# [What is required]
Check each line of the data, and copy those where "sext" appears.

# [Listed records]

• • • • • • •

(* Fix $\gamma\in(0,1]$ and $0<\alpha<0.25$, and let $\xi>0$ be an arbitrarily small number. Then for all sufficiently large $N$, $$\mathbb E\big[\|S-s^*\|^2\big]\le\frac{1}{N^{1-4\alpha-7\xi}}.$$
   Context: Model. Let $N\ge1$ be the number of servers, $\gamma\in(0,1]$ and $\alpha>0$ constants, and $\lambda=1-\gamma/N^{\alpha}$. Let $b=b(N)\ge1$ be an integer buffer size with $b=O(\log N)$. Each of the $N$ servers holds at most $b$ jobs; jobs arrive as a Poisson process of rate $\lambda N$, service times are i.i.d. exponential with rate $1$, and each arriving job samples two servers uniformly at random and joins the one with fewer jobs (ties broken uniformly). Let $S_i(t)$ be the fraction of servers with at least $i$ jobs; $S(t)=(S_1(t),\dots,S_b(t))$ is a continuous-time Markov chain on $\{s\in\{0,\frac1N,\dots,1\}^b:1\ge s_1\ge\cdots\ge s_b\ge0\}$ with, using $s_0=1$, $s_{b+1}=0$ and $e_k$ the $k$-th unit vector, transitions $s\to s+e_k/N$ at rate $\lambda N(s_{k-1}^2-s_k^2)$ and $s\to s-e_k/N$ at rate $N(s_k-s_{k+1})$. $S$ denotes a random vector with the stationary distribution of this chain. $s^*$ is the unique point of $\mathcal S=\{s\in\mathbb R^b:1\ge s_1\ge\cdots\ge s_b\ge0\}$ with $f(s^* )=0$, where $f_k(s)=\lambda(s_{k-1}^2-s_k^2)-(s_k-s_{k+1})$ (with $s_0=1,s_{b+1}=0$). $\|\cdot\|$ is the Euclidean norm. *)

From HB Require Import structures.
From mathcomp Require Import all_boot all_order all_algebra.
From mathcomp Require Import all_classical all_reals all_analysis.
Set Implicit Arguments. Unset Strict Implicit. Unset Printing Implicit Defensive.
Import Order.TTheory GRing.Theory Num.Theory.
Local Open Scope ring_scope.

(* A microscopic state: for i : 'I_b, x i = number of servers with at least
   i+1 jobs (so S_{i+1} = x i / N).  Valid states are nonincreasing. *)
Definition state_ok (N b : nat) (x : {ffun 'I_b -> 'I_N.+1}) : bool :=
  [forall i : 'I_b, forall j : 'I_b, (i <= j)%N ==> (x j <= x i)%N].

Definition state (N b : nat) := {x : {ffun 'I_b -> 'I_N.+1} | state_ok x}.

(* s_k for k : nat, with s_0 = 1 and s_k = 0 for k > b. *)
Definition sfrac (R : realType) (N b : nat) (x : {ffun 'I_b -> 'I_N.+1}) (k : nat) : R :=
  if k == 0%N then 1
  else nth 0 [seq ((x i : nat)%:R / N%:R : R) | i <- enum 'I_b] k.-1.

Definition lambdaN (R : realType) (gamma alpha : R) (N : nat) : R :=
  1 - gamma / (N%:R `^ alpha).

(* Transition rate from x to y (x <> y): s -> s + e_k/N at rate
   lam N (s_{k-1}^2 - s_k^2), s -> s - e_k/N at rate N (s_k - s_{k+1}),
   with k = i+1 for i : 'I_b. *)
Definition rate (R : realType) (N b : nat) (lam : R)
    (x y : {ffun 'I_b -> 'I_N.+1}) : R :=
  \sum_(i < b)
    ((if [forall j : 'I_b, (y j : nat) == (x j + (j == i))%N]
      then lam * N%:R * (sfrac R x i ^+ 2 - sfrac R x i.+1 ^+ 2) else 0)
   + (if [forall j : 'I_b, ((y j : nat) + (j == i))%N == x j]
      then N%:R * (sfrac R x i.+1 - sfrac R x i.+2) else 0)).

Definition is_stationary (R : realType) (N b : nat) (lam : R)
    (pi : state N b -> R) : Prop :=
  (forall x, 0 <= pi x) /\ (\sum_x pi x = 1) /\
  (forall y : state N b,
     \sum_(x | x != y) pi x * rate lam (val x) (val y)
     = pi y * \sum_(z | z != y) rate lam (val y) (val z)).

(* Coordinates of a real vector s : 'I_b -> R, extended by s_0 = 1, s_{b+1}=0. *)
Definition sext (R : realType) (b : nat) (s : 'I_b -> R) (k : nat) : R :=
  if k == 0%N then 1 else nth 0 [seq s i | i <- enum 'I_b] k.-1.

Definition fdrift (R : realType) (b : nat) (lam : R) (s : 'I_b -> R) (k : nat) : R :=
  lam * (sext s k.-1 ^+ 2 - sext s k ^+ 2) - (sext s k - sext s k.+1).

• • • • • • •

# [Task solution]
Definition sext (R : realType) (b : nat) (s : 'I_b -> R) (k : nat) : R :=
  lam * (sext s k.-1 ^+ 2 - sext s k ^+ 2) - (sext s k - sext s k.+1).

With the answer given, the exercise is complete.